After taking to the stage, it becomes apparent quite quickly that Idles love to spit at each other. Beyond that, they’re propulsive, aggressive and spend most of their set at the point just before a pot boils over on the hob. It’s obvious, just as it is with Scarlet Rascal, that they have spent years fine-tuning their act back in Bristol.

The notable lyrics that seem to have struck a chord during the band’s ascent - ones about Mary Berry and scaring Tories, can occasionally come across as a bit trite on record. On stage, however, Joe Talbot delivers with enough dead-eyed self-awareness and easily swerves any obviously sincere sloganeering.

 

It’s a uniquely modern sense of frustration that Idles put across very succinctly on stage. They’re righteously angry about the awful shitshow that is the modern world, but also know that we’re all so castrated and helpless. All we’re left with, really, is to take the piss. To shout into the void. To write a long and carefully worded Facebook post about politics or the NHS, only to delete it before hitting post. To be concerned and to care for others, but to realise that, ultimately, it’s all fucked.

It probably says a lot in terms of how tonight’s crowd is a bit more mature, white and male than the average gig. Many look as though they’ve come straight from work and, despite still being in shirts and smart trousers, they close their eyes, nod their heads furiously, and mouth “The best way to scare a Tory is to read and get rich”. 

 

While Idles certainly wouldn’t claim to offer any definitive conclusions on the slippery topic of masculinity, they have seized upon the same kind of anger and disengagement that has given an act like Sleaford Mods their well-deserved platform. 

There isn’t, refreshingly, any bloke-y posturing tonight. Talbot regularly performs a semi-squatted and pretty goofy air guitar dance on any instrumental breakdowns. He also doesn’t seem very keen on headbutting anyone, which is an excellent deflation of the “tough guy in punk band” bullshit. It’s the perfect visual antithesis to the knockout line from ‘Exeter’: “He punched himself in the face to prove he isn’t gay”.

During ‘Well Done’, and after asking the crowd why they don’t like reggae (“even Tarquin likes reggae”), Talbot even manages to yelp “UB40!” at the end of the chorus. It receives a quintessentially Brummie mixture of bemusement, cheers and laughter.

Beyond the sly digs, the crowd love the whole thing and it’s abundantly clear that Idles are a proper force to be reckoned with. They’re off to SXSW a few days afterwards and will effortlessly steamroll anyone who catches them over there as well. 

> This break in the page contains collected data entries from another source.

(* Let $M$, $N$ and $Y$ be real normed spaces. Assume that $T\in L(M\oplus_\infty N,Y)$ and $m\in M$, $n\in N$ are such that $m+n$ lies in the unit sphere of $M\oplus_\infty N$, $\Vert n\Vert<1$ and $\Vert T(m+n)\Vert=\Vert T\Vert$. Then $\Vert T(m)\Vert=\Vert T\Vert$.
   Context: $M\oplus_\infty N$ denotes the direct sum with norm $\Vert m+n\Vert=\max\{\Vert m\Vert,\Vert n\Vert\}$. $L(X,Y)$ is the space of bounded linear operators with the operator norm. *)

From HB Require Import structures.
From mathcomp Require Import all_boot all_order all_algebra.
From mathcomp Require Import all_classical all_reals all_analysis.
Set Implicit Arguments. Unset Strict Implicit. Unset Printing Implicit Defensive.
Import Order.TTheory GRing.Theory Num.Theory.
Local Open Scope classical_set_scope.
Local Open Scope ring_scope.

(* Norm of M (+)_oo N, realised on the product type M * N:
   ||(m, n)|| = max(||m||, ||n||). *)
Definition infnorm (R : realType) (M N : normedModType R) (x : M * N) : R :=
  Num.max `|x.1| `|x.2|.

Definition bounded_op (R : realType) (M N Y : normedModType R)
  (T : {linear (M * N)%type -> Y}) : Prop :=
  exists C : R, forall x : M * N, `|T x| <= C * infnorm x.

Definition opnorm (R : realType) (M N Y : normedModType R)
  (T : {linear (M * N)%type -> Y}) : R :=
  sup [set `|T x| | x in [set x : M * N | infnorm x <= 1]].

(* The point (m, n) is the convex combination (1 - |n|) (m, 0) + |n| (m, n/|n|)
   of two points of the unit ball (with n/|n| = 0 when n = 0), and 1 - |n| > 0.  Since ||T|| bounds |T| on the
   unit ball, |T (m, n)| = ||T|| forces |T (m, 0)| >= ||T||. *)
From HB Require Import structures.
From mathcomp Require Import all_boot all_order all_algebra.
From mathcomp Require Import all_classical all_reals all_analysis.
Import Order.TTheory GRing.Theory Num.Theory.
Local Open Scope ring_scope.

Section NormedModule.
Variables (R : realType) (V : normedModType R).

Lemma scale_norm_normalize (v : V) : `|v| *: (`|v|^-1 *: v) = v.
Proof.
have [->|v0] := eqVneq v 0; first by rewrite !scaler0.
by rewrite scalerA divff ?scale1r ?normr_eq0.
Qed.

Lemma norm_normalize_le1 (v : V) : `| `|v|^-1 *: v| <= 1.
Proof.
have [->|v0] := eqVneq v 0; first by rewrite scaler0 normr0 ler01.
by rewrite normrZ normfV normr_id mulVf ?normr_eq0.
Qed.

Lemma norm_convex_max_l (y1 y2 : V) (K s : R) :
  0 <= s < 1 -> `|y2| <= K -> K <= `|(1 - s) *: y1 + s *: y2| -> K <= `|y1|.
Proof.
move=> /andP[s_ge0 s_lt1] y2_le hK.
have s'_gt0 : 0 < 1 - s by rewrite subr_gt0.
have : K <= (1 - s) * `|y1| + s * K.
  apply: (le_trans hK); apply: (le_trans (ler_normD _ _)).
  by rewrite !normrZ !ger0_norm ?(ltW s'_gt0) // lerD2l ler_wpM2l.
by move=> h; rewrite -(ler_pM2l s'_gt0) mulrBl mul1r lerBlDr.
Qed.

End NormedModule.

Lemma infnorm_le1 (R : realType) (M N : normedModType R) (x : M * N) :
  (infnorm x <= 1) = (`|x.1| <= 1) && (`|x.2| <= 1).
Proof. by rewrite /infnorm ge_max. Qed.

Lemma pair_convex_normalize (R : realType) (M N : normedModType R) (m : M) (n : N) :
  (m, n) = (1 - `|n|) *: (m, 0) + `|n| *: (m, `|n|^-1 *: n).
Proof.
congr pair => /=; first by rewrite -scalerDl subrK scale1r.
by rewrite scaler0 add0r scale_norm_normalize.
Qed.

Lemma norm_le_opnorm (R : realType) (M N Y : normedModType R)
  (T : {linear (M * N)%type -> Y}) (x : M * N) :
  bounded_op T -> infnorm x <= 1 -> `|T x| <= opnorm T.
Proof.
move=> [C HC] x_le1; apply: ub_le_sup; last by exists x.
exists `|C| => _ [y y_le1 <-].
have y_ge0 : 0 <= infnorm y by rewrite /infnorm le_max normr_ge0.
apply: (le_trans (HC y)); apply: (le_trans (ler_wpM2r y_ge0 (ler_norm C))).
by rewrite ler_piMr.
Qed.

Theorem lemma4p1 (R : realType) (M N Y : normedModType R)
  (T : {linear (M * N)%type -> Y}) (m : M) (n : N) :
  bounded_op T ->
  infnorm (m, n) = 1 ->
  `|n| < 1 ->
  `|T (m, n)| = opnorm T ->
  `|T (m, 0)| = opnorm T.
Proof.
move=> hT mn_eq1 n_lt1 Tmn.
have : infnorm (m, n) <= 1 by rewrite mn_eq1.
rewrite infnorm_le1 => /andP[/= m_le1 _].
apply/eqP; rewrite eq_le norm_le_opnorm ?infnorm_le1 ?m_le1 ?normr0 ?ler01 //=.
apply: (@norm_convex_max_l _ _ _ (T (m, `|n|^-1 *: n)) _ `|n|).
- by rewrite normr_ge0.
- by rewrite norm_le_opnorm ?infnorm_le1 ?m_le1 ?norm_normalize_le1.
- by rewrite -Tmn -!linearZ -linearD -pair_convex_normalize.
Qed.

They’ve also changed my opinion following a recent conversation I had with a friend which boiled down to: “American punk bands are better at humour.” Have a listen to the new Pissed Jeans album and let me know if you disagree. Idles make a massive case for refuting this and are at their best whilst loudly exploring futility. As they get increasingly absurd and aggressive, the result only gets more exciting.